▶ _WHAT TO DO_
Using the records that appear below, write out exactly the lines from the one with "(Cplus (Cmult (RtoC r4) (Cmult d V2))" through the one with "intros Hd H. apply (f_equal Cconj) in H.", keeping both end lines.

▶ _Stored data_
########
(* Let $\gamma\in\mathbb{R}$ and $|a|$ small. The $L^2_0(\mathbb{T})$-spectrum of $\mathcal H_a(\gamma)$ is symmetric with respect to reflection through the imaginary axis: if $\mu$ is an eigenvalue of $\mathcal H_a(\gamma)$ then so is $-\overline{\mu}$.
   Context: Here $\rho,\phi\in\mathbb{R}$, $k>0$, and $w$, $c$ describe the small-amplitude periodic traveling wave of the Konopelchenko–Dubrovsky equation: $w$ is smooth, real, even and $2\pi$-periodic, $w(z)=a\cos z+a^2(A_0+A_2\cos 2z)+a^3A_3\cos 3z+O(a^4)$, $c=k^2+a^2c_2+O(a^4)$, with $A_0=-\frac{3\rho}{2k^2}$, $A_2=\frac{\rho}{2k^2}$, $A_3=-\frac{\phi^2}{64k^2}+\frac{3\rho^2}{16k^4}$, $c_2=\frac{3\phi^2}{8}+\frac{15\rho^2}{2k^2}$. The operator $\mathcal H_a(\gamma)=ck\partial_z+k^3\partial_z^3+6k\rho\,\partial_z(w\,\cdot)-\tfrac32\phi^2k\,\partial_z(w^2\,\cdot)-\frac{3\gamma^2}{k}\partial_z^{-1}-3i\phi\gamma\, w_z\,\partial_z^{-1}$ acts in $L^2_0(\mathbb{T})$ (mean-zero $2\pi$-periodic square-integrable functions) with domain $H^3(\mathbb{T})\cap L^2_0(\mathbb{T})$. *)

From Stdlib Require Import Reals ZArith.
From Coquelicot Require Import Coquelicot.
Open Scope R_scope.

Definition A0 (rho k : R) : R := - (3 * rho) / (2 * k ^ 2).
Definition A2 (rho k : R) : R := rho / (2 * k ^ 2).
Definition A3 (rho phi k : R) : R := - (phi ^ 2) / (64 * k ^ 2) + 3 * rho ^ 2 / (16 * k ^ 4).
Definition c2 (rho phi k : R) : R := 3 * phi ^ 2 / 8 + 15 * rho ^ 2 / (2 * k ^ 2).

(* Fourier coefficient  f^(m) = (1/2pi) int_0^{2pi} f(z) e^{-imz} dz
   of a real 2pi-periodic function f, as a complex number. *)
Definition fcoef (f : R -> R) (m : Z) : C :=
  (/ (2 * PI) * RInt (fun z => f z * cos (IZR m * z)) 0 (2 * PI),
   - (/ (2 * PI) * RInt (fun z => f z * sin (IZR m * z)) 0 (2 * PI))).

(* Sums over Z (symmetric partial sums; all sums used below are absolutely
   convergent, so this is the usual sum over Z). *)
Definition zsym (f : Z -> C) (n : nat) : C :=
  match n with
  | O => f 0%Z
  | S _ => Cplus (f (Z.of_nat n)) (f (- Z.of_nat n)%Z)
  end.
Definition is_zseries (f : Z -> C) (l : C) : Prop := is_series (zsym f) l.

(* A function u in L^2_0(T) is represented by its Fourier coefficients
   u : Z -> C.  Membership in H^3(T) /\ L^2_0(T): *)
Definition in_H3_L20 (u : Z -> C) : Prop :=
  u 0%Z = RtoC 0 /\
  ex_series (fun n : nat =>
    INR n ^ 6 * (Cmod (u (Z.of_nat n)) ^ 2 + Cmod (u (- Z.of_nat n)%Z) ^ 2)).

(* The Fourier symbol  i n  of d/dz. *)
Definition dsym (n : Z) : C := Cmult Ci (RtoC (IZR n)).

(* d_z^{-1} on L^2_0: the mean-zero antiderivative. *)
Definition dinv (u : Z -> C) (n : Z) : C :=
  if Z.eqb n 0 then RtoC 0 else Cmult (u n) (Cinv (dsym n)).

(* mu is an eigenvalue of
   H = c k d_z + k^3 d_z^3 + 6 k rho d_z(w .) - 3/2 phi^2 k d_z(w^2 .)
       - (3 gamma^2 / k) d_z^{-1} - 3 i phi gamma w_z d_z^{-1}
   on L^2_0(T) with domain H^3(T) /\ L^2_0(T): there is a nonzero u in the
   domain with H u = mu u (equality of all Fourier coefficients).
   v1, v2, v3 are the Fourier coefficients of w u, w^2 u, w_z d_z^{-1} u
   (discrete convolutions). *)
Definition is_eigenvalue_H (k c rho phi gamma : R) (w : R -> R) (mu : C) : Prop :=
  exists u : Z -> C,
    in_H3_L20 u /\ (exists n, u n <> RtoC 0) /\
    exists v1 v2 v3 : Z -> C,
      (forall n, is_zseries (fun m => Cmult (fcoef w (n - m)%Z) (u m)) (v1 n)) /\
      (forall n, is_zseries
         (fun m => Cmult (fcoef (fun z => w z ^ 2) (n - m)%Z) (u m)) (v2 n)) /\
      (forall n, is_zseries
         (fun m => Cmult (fcoef (Derive w) (n - m)%Z) (dinv u m)) (v3 n)) /\
      (forall n : Z,
        Cplus (Cmult (RtoC (c * k)) (Cmult (dsym n) (u n)))
       (Cplus (Cmult (RtoC (k ^ 3)) (Cmult (Cmult (dsym n) (Cmult (dsym n) (dsym n))) (u n)))
       (Cplus (Cmult (RtoC (6 * k * rho)) (Cmult (dsym n) (v1 n)))
       (Cplus (Cmult (RtoC (- (3 / 2) * phi ^ 2 * k)) (Cmult (dsym n) (v2 n)))
       (Cplus (Cmult (RtoC (- (3 * gamma ^ 2 / k))) (dinv u n))
              (Cmult (Cmult (RtoC (- 3 * phi * gamma)) Ci) (v3 n))))))
        = Cmult mu (u n)).

(* Conjugating Fourier coefficients, u_n |-> conj(u_n), is the map
   u(z) |-> conj(u(-z)).  Since w is real and even, the Fourier coefficients
   of w and w^2 are real and those of w_z purely imaginary; the symbols i n of
   d_z and 1/(i n) of d_z^{-1} are purely imaginary as well.  Conjugating the
   eigenvalue equation H u = mu u coefficientwise therefore gives
   H conj(u) = - conj(mu) conj(u). *)
From Stdlib Require Import Reals ZArith Lra.
From Coquelicot Require Import Coquelicot.
Open Scope R_scope.

Lemma Cconj_RtoC (r : R) : Cconj (RtoC r) = RtoC r.
Proof. unfold Cconj, RtoC; simpl; f_equal; ring. Qed.

Lemma Cconj_Ci : Cconj Ci = Copp Ci.
Proof. unfold Cconj, Ci, Copp; simpl; f_equal; ring. Qed.

Lemma Cconj_dsym (n : Z) : Cconj (dsym n) = Copp (dsym n).
Proof. unfold Cconj, dsym, Ci, Copp, Cmult, RtoC; simpl; f_equal; ring. Qed.

Lemma Cconj_Cinv_dsym (n : Z) : Cconj (Cinv (dsym n)) = Copp (Cinv (dsym n)).
Proof.
  unfold Cconj, dsym, Ci, Copp, Cmult, Cinv, RtoC; simpl; f_equal.
  replace (0 * IZR n - 1 * 0) with 0 by ring. unfold Rdiv. ring.
Qed.

Lemma dinv_Cconj (u : Z -> C) (n : Z) :
  dinv (fun m => Cconj (u m)) n = Copp (Cconj (dinv u n)).
Proof.
  unfold dinv. destruct (Z.eqb n 0).
  - unfold Cconj, Copp, RtoC; simpl; f_equal; ring.
  - rewrite Cmult_conj, Cconj_Cinv_dsym. ring.
Qed.

Lemma in_H3_L20_Cconj (u : Z -> C) :
  in_H3_L20 u -> in_H3_L20 (fun n => Cconj (u n)).
Proof.
  intros [Hu0 Hsum]. split.
  - rewrite Hu0. apply Cconj_RtoC.
  - eapply ex_series_ext; [| exact Hsum].
    intros n. simpl. rewrite !Cmod_conj. reflexivity.
Qed.

Lemma filterlim_Cconj (l : C) : filterlim Cconj (locally l) (locally (Cconj l)).
Proof.
  apply filterlim_locally. intros eps. exists eps.
  intros [x y] [Hx Hy]. destruct l as [a b]. split; [exact Hx |].
  unfold ball in *; simpl in *. unfold AbsRing_ball, abs, minus, plus, opp in *; simpl in *.
  replace (- y + - - b) with (- (y + - b)) by ring. rewrite Rabs_Ropp. exact Hy.
Qed.

Lemma sum_n_Cconj (a : nat -> C) (N : nat) :
  sum_n (fun n => Cconj (a n)) N = Cconj (sum_n a N).
Proof.
  induction N as [| N IH].
  - rewrite !sum_O. reflexivity.
  - rewrite !sum_Sn, IH. now rewrite Cplus_conj.
Qed.

Lemma is_series_Cconj (a : nat -> C) (l : C) :
  is_series a l -> is_series (fun n => Cconj (a n)) (Cconj l).
Proof.
  intros H. unfold is_series.
  eapply filterlim_ext; [intros N; symmetry; apply sum_n_Cconj |].
  eapply filterlim_comp; [exact H | apply filterlim_Cconj].
Qed.

Lemma is_zseries_Cconj (f g : Z -> C) (l : C) :
  (forall m, g m = Cconj (f m)) -> is_zseries f l -> is_zseries g (Cconj l).
Proof.
  intros Hg H. eapply is_series_ext; [| apply (is_series_Cconj _ _ H)].
  intros [| n]; unfold zsym; rewrite ?Hg; [reflexivity |].
  now rewrite Cplus_conj.
Qed.

Lemma RInt_reflect_antisym (g : R -> R) :
  (forall z, continuous g z) -> (forall y, g (2 * PI - y) = - g y) ->
  RInt g 0 (2 * PI) = 0.
Proof.
  intros Hc Hg.
  assert (Hex : forall a b, ex_RInt g a b).
  { intros a b. apply (ex_RInt_continuous (V := R_CompleteNormedModule)).
    intros z _. apply Hc. }
  pose proof (RInt_comp_lin g (-1) (2 * PI) 0 (2 * PI) (Hex _ _)) as Hsub.
  replace (-1 * 0 + 2 * PI) with (2 * PI) in Hsub by ring.
  replace (-1 * (2 * PI) + 2 * PI) with 0 in Hsub by ring.
  rewrite (RInt_ext _ g) in Hsub.
  2:{ intros y _. replace (-1 * y + 2 * PI) with (2 * PI - y) by ring.
      rewrite Hg. unfold scal; simpl; unfold mult; simpl. ring. }
  rewrite <- (opp_RInt_swap g 0 (2 * PI) (Hex _ _)) in Hsub.
  unfold opp in Hsub; simpl in Hsub. lra.
Qed.

Lemma sin_IZR_2PI (m : Z) : sin (IZR m * (2 * PI)) = 0.
Proof. apply sin_eq_0_1. exists (2 * m)%Z. rewrite mult_IZR. ring. Qed.

Lemma cos_IZR_2PI (m : Z) : cos (IZR m * (2 * PI)) = 1.
Proof.
  replace (IZR m * (2 * PI)) with (2 * (IZR m * PI)) by ring.
  rewrite cos_2a_sin, (sin_eq_0_1 (IZR m * PI)) by (exists m; reflexivity). ring.
Qed.

Lemma sin_IZR_reflect (m : Z) (y : R) : sin (IZR m * (2 * PI - y)) = - sin (IZR m * y).
Proof.
  replace (IZR m * (2 * PI - y)) with (IZR m * (2 * PI) - IZR m * y) by ring.
  rewrite sin_minus, sin_IZR_2PI, cos_IZR_2PI. ring.
Qed.

Lemma cos_IZR_reflect (m : Z) (y : R) : cos (IZR m * (2 * PI - y)) = cos (IZR m * y).
Proof.
  replace (IZR m * (2 * PI - y)) with (IZR m * (2 * PI) - IZR m * y) by ring.
  rewrite cos_minus, sin_IZR_2PI, cos_IZR_2PI. ring.
Qed.

Section FourierCoefficients.

Variable f : R -> R.
Hypothesis f_cont : forall z, continuous f z.
Hypothesis f_periodic : forall z, f (z + 2 * PI) = f z.

Let continuous_mul (t : R -> R) :
  (forall x, ex_derive t x) -> forall z, continuous (fun z => f z * t z) z.
Proof.
  intros Ht z. apply (continuous_mult f t z (f_cont z)).
  apply (ex_derive_continuous (K := R_AbsRing) (V := R_NormedModule)), Ht.
Qed.

Let f_reflect (y : R) : f (2 * PI - y) = f (- y).
Proof. rewrite <- (f_periodic (- y)). f_equal. ring. Qed.

Lemma fcoef_Cconj_even (m : Z) :
  (forall z, f (- z) = f z) -> Cconj (fcoef f m) = fcoef f m.
Proof.
  intros f_even.
  assert (Hsin : RInt (fun z => f z * sin (IZR m * z)) 0 (2 * PI) = 0).
  { apply RInt_reflect_antisym.
    - apply continuous_mul. intros x. auto_derive. trivial.
    - intros y. rewrite sin_IZR_reflect, f_reflect, f_even. ring. }
  unfold fcoef, Cconj; simpl. rewrite Hsin. f_equal. ring.
Qed.

Lemma fcoef_Cconj_odd (m : Z) :
  (forall z, f (- z) = - f z) -> Cconj (fcoef f m) = Copp (fcoef f m).
Proof.
  intros f_odd.
  assert (Hcos : RInt (fun z => f z * cos (IZR m * z)) 0 (2 * PI) = 0).
  { apply RInt_reflect_antisym.
    - apply continuous_mul. intros x. auto_derive. trivial.
    - intros y. rewrite cos_IZR_reflect, f_reflect, f_odd. ring. }
  unfold fcoef, Cconj, Copp; simpl. rewrite Hcos. f_equal; ring.
Qed.

End FourierCoefficients.

Lemma Derive_periodic (f : R -> R) (T z : R) :
  (forall x, f (x + T) = f x) -> Derive f (z + T) = Derive f z.
Proof.
  intros Hper. rewrite <- (Derive_ext _ _ z Hper).
  exact (eq_sym (Derive_n_comp_trans f 1 z T)).
Qed.

Lemma Derive_even (f : R -> R) (z : R) :
  (forall x, ex_derive f x) -> (forall x, f (- x) = f x) ->
  Derive f (- z) = - Derive f z.
Proof.
  intros Hf Heven.
  rewrite <- (Derive_ext (fun x => f (- x)) f z Heven).
  rewrite (Derive_comp f (fun x => - x) z (Hf _)) by (auto_derive; trivial).
  rewrite Derive_opp, Derive_id. ring.
Qed.

(* The n-th Fourier coefficient of H u = mu u, with d = dsym n and DU = dinv u n. *)
Lemma symbol_equation_Cconj (r1 r2 r3 r4 r5 r6 : R) (d U V1 V2 DU V3 M : C) :
  Cconj d = Copp d ->
  Cplus (Cmult (RtoC r1) (Cmult d U))
  (Cplus (Cmult (RtoC r2) (Cmult (Cmult d (Cmult d d)) U))
  (Cplus (Cmult (RtoC r3) (Cmult d V1))
  (Cplus (Cmult (RtoC r4) (Cmult d V2))
  (Cplus (Cmult (RtoC r5) DU) (Cmult (Cmult (RtoC r6) Ci) V3))))) = Cmult M U ->
  Cplus (Cmult (RtoC r1) (Cmult d (Cconj U)))
  (Cplus (Cmult (RtoC r2) (Cmult (Cmult d (Cmult d d)) (Cconj U)))
  (Cplus (Cmult (RtoC r3) (Cmult d (Cconj V1)))
  (Cplus (Cmult (RtoC r4) (Cmult d (Cconj V2)))
  (Cplus (Cmult (RtoC r5) (Copp (Cconj DU))) (Cmult (Cmult (RtoC r6) Ci) (Cconj V3)))))) =
  Cmult (Copp (Cconj M)) (Cconj U).
Proof.
  intros Hd H. apply (f_equal Cconj) in H.
  rewrite !Cplus_conj, !Cmult_conj, !Hd, !Cconj_RtoC, Cconj_Ci in H.
  transitivity (Copp (Cmult (Cconj M) (Cconj U))); [rewrite <- H |]; ring.
Qed.

Lemma is_eigenvalue_H_Cconj (k c rho phi gamma : R) (w : R -> R) (mu : C) :
  (forall z, ex_derive w z) -> (forall z, ex_derive (Derive w) z) ->
  (forall z, w (z + 2 * PI) = w z) -> (forall z, w (- z) = w z) ->
  is_eigenvalue_H k c rho phi gamma w mu ->
  is_eigenvalue_H k c rho phi gamma w (Copp (Cconj mu)).
Proof.
  intros Hw Hdw Hper Heven
    [u [Hu [[n0 Hn0] [v1 [v2 [v3 [Hv1 [Hv2 [Hv3 Heq]]]]]]]]].
  assert (cont_of_derivable : forall f : R -> R, (forall z, ex_derive f z) ->
            forall z, continuous f z).
  { intros f Hf z. apply (ex_derive_continuous (K := R_AbsRing) (V := R_NormedModule)), Hf. }
  assert (Hcw : forall m, Cconj (fcoef w m) = fcoef w m).
  { intros m. apply fcoef_Cconj_even; auto. }
  assert (Hcw2 : forall m, Cconj (fcoef (fun z => w z ^ 2) m) = fcoef (fun z => w z ^ 2) m).
  { intros m. apply fcoef_Cconj_even.
    - apply cont_of_derivable. intros z. apply ex_derive_pow, Hw.
    - intros z. simpl. now rewrite Hper.
    - intros z. simpl. now rewrite Heven. }
  assert (Hcdw : forall m, Cconj (fcoef (Derive w) m) = Copp (fcoef (Derive w) m)).
  { intros m. apply fcoef_Cconj_odd; auto.
    - intros z. apply Derive_periodic; auto.
    - intros z. apply Derive_even; auto. }
  exists (fun n => Cconj (u n)). split; [now apply in_H3_L20_Cconj |]. split.
  { exists n0. intros E. apply Hn0.
    now rewrite <- (Cconj_conj (u n0)), E, Cconj_RtoC. }
  exists (fun n => Cconj (v1 n)), (fun n => Cconj (v2 n)), (fun n => Cconj (v3 n)).
  split; [| split; [| split]]; intros n.
  - refine (is_zseries_Cconj _ _ _ _ (Hv1 n)). intros m.
    now rewrite Cmult_conj, Hcw.
  - refine (is_zseries_Cconj _ _ _ _ (Hv2 n)). intros m.
    now rewrite Cmult_conj, Hcw2.
  - refine (is_zseries_Cconj _ _ _ _ (Hv3 n)). intros m.
    rewrite Cmult_conj, Hcdw, dinv_Cconj. ring.
  - rewrite dinv_Cconj. apply symbol_equation_Cconj, Heq. apply Cconj_dsym.
Qed.

Theorem lemma2p2 (rho phi k : R) (hk : 0 < k)
  (w : R -> R -> R) (c : R -> R) (a0 : R) (ha0 : 0 < a0)
  (hsmooth : forall a, Rabs a < a0 -> forall (n : nat) (z : R), ex_derive_n (w a) n z)
  (hper : forall a, Rabs a < a0 -> forall z, w a (z + 2 * PI) = w a z)
  (heven : forall a, Rabs a < a0 -> forall z, w a (- z) = w a z)
  (hw : exists K, forall a z, Rabs a < a0 ->
      Rabs (w a z - (a * cos z + a ^ 2 * (A0 rho k + A2 rho k * cos (2 * z))
                     + a ^ 3 * A3 rho phi k * cos (3 * z))) <= K * Rabs a ^ 4)
  (hc : exists K, forall a, Rabs a < a0 ->
      Rabs (c a - (k ^ 2 + a ^ 2 * c2 rho phi k)) <= K * Rabs a ^ 4) :
  exists a1, 0 < a1 <= a0 /\
    forall (a gamma : R) (mu : C), Rabs a < a1 ->
      is_eigenvalue_H k (c a) rho phi gamma (w a) mu ->
      is_eigenvalue_H k (c a) rho phi gamma (w a) (Copp (Cconj mu)).
Proof.
  exists a0. split; [lra |].
  intros a gamma mu Ha.
  apply is_eigenvalue_H_Cconj.
  - exact (hsmooth a Ha 1%nat).
  - exact (hsmooth a Ha 2%nat).
  - exact (hper a Ha).
  - exact (heven a Ha).
Qed.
########
▶ _RESPONSE AREA_
  (Cplus (Cmult (RtoC r4) (Cmult d V2))
  (Cplus (Cmult (RtoC r5) DU) (Cmult (Cmult (RtoC r6) Ci) V3))))) = Cmult M U ->
  Cplus (Cmult (RtoC r1) (Cmult d (Cconj U)))
  (Cplus (Cmult (RtoC r2) (Cmult (Cmult d (Cmult d d)) (Cconj U)))
  (Cplus (Cmult (RtoC r3) (Cmult d (Cconj V1)))
  (Cplus (Cmult (RtoC r4) (Cmult d (Cconj V2)))
  (Cplus (Cmult (RtoC r5) (Copp (Cconj DU))) (Cmult (Cmult (RtoC r6) Ci) (Cconj V3)))))) =
  Cmult (Copp (Cconj M)) (Cconj U).
Proof.
  intros Hd H. apply (f_equal Cconj) in H.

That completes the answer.